The exact mapping depends on backend capabilities:

  • sklearn: max_leaf_nodes
  • LightGBM: num_leaves
  • XGBoost: grow_policy="lossguide" with max_leaves
  • CatBoost: grow_policy="Lossguide" with max_leaves

ForestFire itself is still timed independently after the reference fit for training benchmarks.
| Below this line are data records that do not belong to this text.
(* (1) Invariance: if $t\to_w u$ then $t\equiv^{typ} u$. (2) Compatibility: if $t\equiv^{typ}u$ then $C\langle t\rangle\equiv^{typ} C\langle u\rangle$ for every context $C$.
   Context: Terms: $t ::= x \mid \lambda x.t \mid t\,u \mid t[x\backslash u]$ ($t[x\backslash u]$ an explicit substitution binding $x$ in $t$; terms up to $\alpha$). Values $v ::= \lambda x.t$. Substitution contexts $S ::= \langle\cdot\rangle\mid S[x\backslash u]$. Weak contexts $W ::= \langle\cdot\rangle \mid W\,t \mid t\,W \mid t[x\backslash W] \mid W[x\backslash u]$; $W\langle\langle t\rangle\rangle$ is plugging without capture of free variables of $t$. Root rules: $S\langle\lambda x.t\rangle u\mapsto_m S\langle t[x\backslash u]\rangle$; $W\langle\langle x\rangle\rangle[x\backslash u]\mapsto_e W\langle\langle u\rangle\rangle[x\backslash u]$; $t[x\backslash S\langle v\rangle]\mapsto_{gcv} S\langle t\rangle$ if $x\notin\mathrm{fv}(t)$. $\to_w$ is the union of their closures under weak contexts. A context $C$ is a term with exactly one hole, anywhere (also under abstraction or inside ESs). Silly multi types: linear types $L ::= \mathtt{n} \mid M\multimap L$; multi types $M ::= [L_i]_{i\in I}$ finite multisets ($\mathbf{0}$ empty, $\uplus$ sum). Type contexts $\Gamma$ map variables to multi types with finite support; $\uplus$ pointwise; $\Gamma\setminus\!\!\setminus x$ sets $x$ to $\mathbf{0}$. Rules: (ax) $x:[L]\vdash^{(0,1)} x:L$; (many) from $(\Gamma_i\vdash^{(m_i,e_i)} t : L_i)_{i\in I}$, $I$ finite possibly empty, infer $\uplus_i\Gamma_i\vdash^{(\sum m_i,\sum e_i)} t : [L_i]_{i\in I}$; ($\mathrm{ax}_\lambda$) $\vdash^{(0,0)}\lambda x.t:\mathtt{n}$; ($\lambda$) from $\Gamma\vdash^{(m,e)}t:L$ infer $\Gamma\setminus\!\!\setminus x\vdash^{(m,e)}\lambda x.t:\Gamma(x)\multimap L$; (@) from $\Gamma\vdash^{(m,e)} t : M\multimap L$ and $\Delta\vdash^{(m',e')} u : M\uplus[\mathtt{n}]$ infer $\Gamma\uplus\Delta\vdash^{(m+m'+1,e+e')} tu : L$; (ES) from $\Gamma\vdash^{(m,e)} t:L$ and $\Delta\vdash^{(m',e')}u:\Gamma(x)\uplus[\mathtt{n}]$ infer $(\Gamma\setminus\!\!\setminus x)\uplus\Delta\vdash^{(m+m',e+e')} t[x\backslash u]:L$. Type equivalence: $t\equiv^{typ}u$ iff for all $\Gamma$ and linear types $L$, $\Gamma\vdash t:L$ is derivable iff $\Gamma\vdash u:L$ is derivable (indices ignored). *)

From Stdlib Require Import List Arith.
Import ListNotations.

(* ES t u  represents  t[x\u]; x is de Bruijn index 0 in t (bound by the ES),
   u lives in the outer scope. *)
Inductive term : Type :=
| Var (n : nat)
| Lam (t : term)
| App (t u : term)
| ES  (t u : term).

Definition uprn (r : nat -> nat) : nat -> nat :=
  fun n => match n with 0 => 0 | S m => S (r m) end.

Fixpoint ren (r : nat -> nat) (t : term) : term :=
  match t with
  | Var n => Var (r n)
  | Lam t => Lam (ren (uprn r) t)
  | App t u => App (ren r t) (ren r u)
  | ES t u => ES (ren (uprn r) t) (ren r u)
  end.

Definition lift (k : nat) (t : term) : term := ren (fun i => i + k) t.

Fixpoint occurs (n : nat) (t : term) : bool :=
  match t with
  | Var m => Nat.eqb n m
  | Lam t => occurs (S n) t
  | App t u => occurs n t || occurs n u
  | ES t u => occurs (S n) t || occurs n u
  end.

Definition is_value (t : term) : Prop := exists b, t = Lam b.

(* list head = outermost ES:  splug (u :: S) t = (splug S t)[x\u] *)
Fixpoint splug (S : list term) (t : term) : term :=
  match S with
  | [] => t
  | u :: S' => ES (splug S' t) u
  end.

Inductive wctx : Type :=
| WHole
| WAppL (W : wctx) (t : term)
| WAppR (t : term) (W : wctx)
| WESR  (t : term) (W : wctx)
| WESL  (W : wctx) (u : term).

Fixpoint wplug (W : wctx) (s : term) : term :=
  match W with
  | WHole => s
  | WAppL W t => App (wplug W s) t
  | WAppR t W => App t (wplug W s)
  | WESR t W => ES t (wplug W s)
  | WESL W u => ES (wplug W s) u
  end.

(* number of binders of W above its hole *)
Fixpoint wdepth (W : wctx) : nat :=
  match W with
  | WHole => 0
  | WAppL W _ | WAppR _ W | WESR _ W => wdepth W
  | WESL W _ => S (wdepth W)
  end.

Inductive root : term -> term -> Prop :=
(* S<lam x.t> u  |->m  S<t[x\u]> *)
| root_m (Sc : list term) (t u : term) :
    root (App (splug Sc (Lam t)) u) (splug Sc (ES t (lift (length Sc) u)))
(* W<<x>>[x\u]  |->e  W<<u>>[x\u]  (no capture by W) *)
| root_e (W : wctx) (u : term) :
    root (ES (wplug W (Var (wdepth W))) u)
         (ES (wplug W (lift (S (wdepth W)) u)) u)
(* t[x\S<v>]  |->gcv  S<t>  if x notin fv(t) *)
| root_gcv (t : term) (Sc : list term) (v : term) :
    is_value v -> occurs 0 t = false ->
    root (ES t (splug Sc v)) (splug Sc (ren (fun i => pred i + length Sc) t)).

Inductive wstep : term -> term -> Prop :=
| wstep_ctx (W : wctx) (t u : term) : root t u -> wstep (wplug W t) (wplug W u).

Inductive cctx : Type :=
| CHole
| CLam  (C : cctx)
| CAppL (C : cctx) (t : term)
| CAppR (t : term) (C : cctx)
| CESL  (C : cctx) (u : term)
| CESR  (t : term) (C : cctx).

(* plugging may capture (de Bruijn: plain syntactic plugging) *)
Fixpoint cplug (C : cctx) (s : term) : term :=
  match C with
  | CHole => s
  | CLam C => Lam (cplug C s)
  | CAppL C t => App (cplug C s) t
  | CAppR t C => App t (cplug C s)
  | CESL C u => ES (cplug C s) u
  | CESR t C => ES t (cplug C s)
  end.

(* Multi types are finite multisets, represented by lists taken up to
   permutation (recursively, see ty_eq / m_eq). *)
Inductive lty : Type :=
| TN
| TArr (M : list lty) (L : lty).

Definition mty := list lty.

Inductive ty_eq : lty -> lty -> Prop :=
| teq_n : ty_eq TN TN
| teq_arr M M' L L' : m_eq M M' -> ty_eq L L' -> ty_eq (TArr M L) (TArr M' L')
with m_eq : mty -> mty -> Prop :=
| meq_nil : m_eq [] []
| meq_cons L L' M M' : ty_eq L L' -> m_eq M M' -> m_eq (L :: M) (L' :: M')
| meq_swap L1 L2 M : m_eq (L1 :: L2 :: M) (L2 :: L1 :: M)
| meq_trans M1 M2 M3 : m_eq M1 M2 -> m_eq M2 M3 -> m_eq M1 M3.

Definition tctx := nat -> mty.
Definition cempty : tctx := fun _ => [].
Definition csum (G D : tctx) : tctx := fun x => G x ++ D x.
Definition csingle (x : nat) (M : mty) : tctx :=
  fun y => if Nat.eqb y x then M else [].
(* G \\ x for the binder x = index 0, then leaving its scope *)
Definition ctail (G : tctx) : tctx := fun n => G (S n).
Definition ctx_eq (G G' : tctx) : Prop := forall x, m_eq (G x) (G' x).

(* Typing judgments (indices (m,e) omitted: type equivalence ignores them).
   The conv rules express that contexts and types are multisets. *)
Inductive tyL : tctx -> term -> lty -> Prop :=
| ty_ax x L : tyL (csingle x [L]) (Var x) L
| ty_axlam t : tyL cempty (Lam t) TN
| ty_lam G t L : tyL G t L -> tyL (ctail G) (Lam t) (TArr (G 0) L)
| ty_app G D t u M L :
    tyL G t (TArr M L) -> tyM D u (M ++ [TN]) -> tyL (csum G D) (App t u) L
| ty_es G D t u L :
    tyL G t L -> tyM D u (G 0 ++ [TN]) -> tyL (csum (ctail G) D) (ES t u) L
| ty_convL G G' t L L' : tyL G t L -> ctx_eq G G' -> ty_eq L L' -> tyL G' t L'
with tyM : tctx -> term -> mty -> Prop :=
| tym_nil t : tyM cempty t []
| tym_cons G D t L M : tyL G t L -> tyM D t M -> tyM (csum G D) t (L :: M)
| ty_convM G G' t M M' : tyM G t M -> ctx_eq G G' -> m_eq M M' -> tyM G' t M'.

Definition typ_equiv (t u : term) : Prop :=
  forall (G : tctx) (L : lty), tyL G t L <-> tyL G u L.

(* Typing is syntax directed up to the multiset equivalences [ty_eq], [m_eq]
   and [ctx_eq], so a derivation for C<t> contains derivations for t at the
   uses of the hole; replacing them gives compatibility, and invariance under
   ->w reduces to the root rules. For the m- and gcv-rules the substitution
   context S is commuted out one explicit substitution at a time, leaving
   (\x.t)u ~ t[x\u] and t[x\v] ~ t for x not free in t; the latter holds
   because the unused x forces v to be typed exactly with [n], which every
   abstraction has in the empty context. For the e-rule, a derivation of
   W<<x>> gives the occurrence of x in the hole some multi type M; the argument
   u of the substitution is typed with the multi type of x plus [n], so its
   derivation splits into one of u : M, which types W<<u>> in place of x, and
   the rest. Reading the splitting backwards gives the converse. *)

From Stdlib Require Import List Arith Lia Bool Permutation Setoid Morphisms
  FunctionalExtensionality.
Import ListNotations.

Fixpoint ty_eq_refl (L : lty) : ty_eq L L :=
  match L with
  | TN => teq_n
  | TArr M L' =>
      teq_arr M M L' L'
        ((fix m_eq_refl (M : mty) : m_eq M M :=
            match M with
            | [] => meq_nil
            | L0 :: M' => meq_cons L0 L0 M' M' (ty_eq_refl L0) (m_eq_refl M')
            end) M)
        (ty_eq_refl L')
  end.

Lemma m_eq_refl (M : mty) : m_eq M M.
Proof. induction M; constructor; auto using ty_eq_refl. Qed.

Scheme ty_eq_mut_ind := Induction for ty_eq Sort Prop
  with m_eq_mut_ind := Induction for m_eq Sort Prop.
Combined Scheme ty_m_eq_mut_ind from ty_eq_mut_ind, m_eq_mut_ind.

Lemma ty_m_eq_sym :
  (forall L L', ty_eq L L' -> ty_eq L' L) /\ (forall M M', m_eq M M' -> m_eq M' M).
Proof.
  apply ty_m_eq_mut_ind; intros; try solve [constructor; auto].
  eapply meq_trans; eauto.
Qed.

Lemma ty_eq_trans L1 L2 L3 : ty_eq L1 L2 -> ty_eq L2 L3 -> ty_eq L1 L3.
Proof.
  intros H; revert L3; induction H; intros L3 H3; inversion H3; subst; auto.
  constructor; eauto using meq_trans.
Qed.

#[export] Instance ty_eq_equiv : Equivalence ty_eq.
Proof. split; [exact ty_eq_refl | exact (proj1 ty_m_eq_sym) | exact ty_eq_trans]. Qed.

#[export] Instance m_eq_equiv : Equivalence m_eq.
Proof. split; [exact m_eq_refl | exact (proj2 ty_m_eq_sym) | exact meq_trans]. Qed.

#[export] Instance ctx_eq_equiv : Equivalence ctx_eq.
Proof.
  split; intros G; unfold ctx_eq; [reflexivity | intros G' H x | intros G' G'' H H' x].
  - symmetry; apply H.
  - rewrite (H x); apply H'.
Qed.

#[export] Instance TArr_proper : Proper (m_eq ==> ty_eq ==> ty_eq) TArr.
Proof. intros M M' HM L L' HL; now constructor. Qed.

#[export] Instance cons_m_eq_proper : Proper (ty_eq ==> m_eq ==> m_eq) cons.
Proof. intros L L' HL M M' HM; now constructor. Qed.

#[export] Instance app_m_eq_proper : Proper (m_eq ==> m_eq ==> m_eq) (@app lty).
Proof.
  intros A A' HA B B' HB; transitivity (A' ++ B).
  - induction HA; simpl;
      [reflexivity | now constructor | apply meq_swap | eapply meq_trans; eassumption].
  - clear HA; induction A'; simpl; [exact HB | apply meq_cons; [reflexivity | assumption]].
Qed.

Lemma m_eq_length M M' : m_eq M M' -> length M = length M'.
Proof. induction 1; simpl; congruence. Qed.

Lemma m_eq_nil_r M : m_eq M [] -> M = [].
Proof. intros H; apply m_eq_length in H; now destruct M. Qed.

Lemma Permutation_m_eq M M' : Permutation M M' -> m_eq M M'.
Proof.
  induction 1; [reflexivity | now constructor | apply meq_swap | eapply meq_trans; eassumption].
Qed.

#[export] Instance csum_proper : Proper (ctx_eq ==> ctx_eq ==> ctx_eq) csum.
Proof. intros G G' HG D D' HD x; unfold csum; now rewrite (HG x), (HD x). Qed.

#[export] Instance ctail_proper : Proper (ctx_eq ==> ctx_eq) ctail.
Proof. intros G G' HG x; apply HG. Qed.

#[export] Instance csingle_proper : Proper (eq ==> m_eq ==> ctx_eq) csingle.
Proof. intros x ? <- M M' HM y; unfold csingle; now destruct (y =? x). Qed.

#[export] Instance tyL_proper : Proper (ctx_eq ==> eq ==> ty_eq ==> iff) tyL.
Proof.
  intros G G' HG t ? <- L L' HL; split; intros H; eapply ty_convL; eauto; now symmetry.
Qed.

#[export] Instance tyM_proper : Proper (ctx_eq ==> eq ==> m_eq ==> iff) tyM.
Proof.
  intros G G' HG t ? <- M M' HM; split; intros H; eapply ty_convM; eauto; now symmetry.
Qed.

Lemma tyL_conv_ctx G G' t L : tyL G t L -> ctx_eq G G' -> tyL G' t L.
Proof. intros H HG; now rewrite <- HG. Qed.

Lemma tyM_conv_ctx G G' t M : tyM G t M -> ctx_eq G G' -> tyM G' t M.
Proof. intros H HG; now rewrite <- HG. Qed.

Lemma ty_es_meq G D t u L M : tyL G t L -> tyM D u M -> m_eq M (G 0 ++ [TN]) ->
  tyL (csum (ctail G) D) (ES t u) L.
Proof. intros Ht Hu HM; rewrite HM in Hu; now constructor. Qed.

Lemma csum_cempty_r G : csum G cempty = G.
Proof. apply functional_extensionality; intro; apply app_nil_r. Qed.

Lemma csum_assoc G D E : csum (csum G D) E = csum G (csum D E).
Proof. apply functional_extensionality; intro; symmetry; apply app_assoc. Qed.

Lemma csingle_app x A B : csingle x (A ++ B) = csum (csingle x A) (csingle x B).
Proof. apply functional_extensionality; intro y; unfold csum, csingle; now destruct (y =? x). Qed.

Lemma csingle_nil x : csingle x [] = cempty.
Proof. apply functional_extensionality; intro y; unfold csingle; now destruct (y =? x). Qed.

Definition shift (k : nat) (G : tctx) : tctx := fun y => if y <? k then [] else G (y - k).

Lemma shift1_S G y : shift 1 G (S y) = G y.
Proof. unfold shift; simpl; now rewrite Nat.sub_0_r. Qed.

Lemma ctail_shift1 G : ctail (shift 1 G) = G.
Proof. apply functional_extensionality; apply shift1_S. Qed.

Lemma ctx_eq_of_Permutation G G' : (forall x, Permutation (G x) (G' x)) -> ctx_eq G G'.
Proof. intros H x; apply Permutation_m_eq, H. Qed.

Lemma Permutation_app_front {A} (a b R R' : list A) :
  Permutation R (a ++ R') -> Permutation (b ++ R) (a ++ b ++ R').
Proof.
  intros ->; rewrite !app_assoc; apply Permutation_app_tail, Permutation_app_comm.
Qed.

Lemma Permutation_app_nil_r' {A} (a : list A) : Permutation a (a ++ []).
Proof. now rewrite app_nil_r. Qed.

Lemma Permutation_cancel_front {A} (a L R R' : list A) :
  Permutation R (a ++ R') -> Permutation L R' -> Permutation (a ++ L) R.
Proof. now intros -> ->. Qed.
The reference fit exists only to establish the complexity target for that grid cell.

That complexity-matching flow applies to training only.

Prediction is now decoupled from fitting in a simpler way:

  • one fixed training dataset is chosen per feature-count cell
  • each backend is trained once on that fixed dataset
  • only inference calls are timed across the prediction row grid
  • training cost is no longer paid inside the prediction timing loop

Tasks

  • task benchmark-training-rf
  • task benchmark-training-gbm
  • task benchmark-prediction-rf
  • task benchmark-prediction-gbm
  • task benchmark-training-micro-rf
  • task benchmark-training-micro-gbm
  • task benchmark-prediction-micro-rf
  • task benchmark-prediction-micro-gbm
  • task benchmark-moons
  • task benchmark-regression-surface
  • task benchmark-micro
  • task benchmark

The task split is:

  • task benchmark: cross-library end-to-end train/predict grids
  • task benchmark-micro: ForestFire-only phase breakdowns
  • task benchmark-moons: two-dimensional probability-surface comparison on make_moons
  • task benchmark-regression-surface: one-dimensional prediction-curve comparison on a synthetic regression task

Output artifacts

Benchmark artifacts are written under docs/benchmarks/.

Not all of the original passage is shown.